• _WHAT THE TASK REQUIRES_: Find the line containing "Definition Gstar : relation" in the data below, then output that line and each one after it exactly, with nothing else.

──────

(* Let $G=(V,E)$ be an undirected graph (finite or infinite) and $M=M(S)$, $M'=M(S')$ two maximal multiplices of $G$. If $M\cap M'\neq\emptyset$ then $M=M'$.
   Context: A graph $G=(V,E)$ has vertex set $V$ and edge set $E\subseteq V^2$; it is undirected if $E$ is irreflexive and symmetric. Implication classes: on $E$ define $(a,b)\Gamma(a',b')$ iff either $a=a'$ and $(b,b')\notin E$, or $b=b'$ and $(a,a')\notin E$; the classes of the transitive closure $\Gamma^*$ are the implication classes. For an implication class $A$, $A^{-1}=\{(b,a):(a,b)\in A\}$ and the color class is $\widehat A=A\cup A^{-1}$. A simplex of rank $r\ge1$ is a complete sub-graph $S=(V_S,E_S)$ of $G$ on $r+1$ vertices whose distinct undirected edges lie in distinct color classes; it is maximal if not properly contained in a larger simplex. The multiplex generated by $S$ is $M(S)=\bigcup\{\widehat A:\widehat A\text{ a color class},\ \widehat A\cap E_S\neq\emptyset\}$; it is maximal if $S$ is maximal. *)

From Stdlib Require Import List Relations.
Import ListNotations.

Section Graphs.
Variable V : Type.
Variable E : V -> V -> Prop.

Definition undirected : Prop :=
  (forall a, ~ E a a) /\ (forall a b, E a b -> E b a).

Definition edge (e : V * V) : Prop := E (fst e) (snd e).

Definition swap (e : V * V) : V * V := (snd e, fst e).

Definition Gamma (e f : V * V) : Prop :=
  edge e /\ edge f /\
  ((fst e = fst f /\ ~ E (snd e) (snd f)) \/
   (snd e = snd f /\ ~ E (fst e) (fst f))).

(* Gamma^* : reflexive-transitive closure (used only on edges; the
   implication classes are the classes of Gamma^* on E). *)
Definition Gstar : relation (V * V) := clos_refl_trans (V * V) Gamma.

Definition impl_class (e : V * V) (f : V * V) : Prop := edge f /\ Gstar f e.

Definition color_class (e : V * V) (f : V * V) : Prop :=
  impl_class e f \/ impl_class e (swap f).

──────

• _SOLUTION TO THE PROBLEM_:
Definition Gstar : relation (V * V) := clos_refl_trans (V * V) Gamma.

Definition impl_class (e : V * V) (f : V * V) : Prop := edge f /\ Gstar f e.

Definition color_class (e : V * V) (f : V * V) : Prop :=
  impl_class e f \/ impl_class e (swap f).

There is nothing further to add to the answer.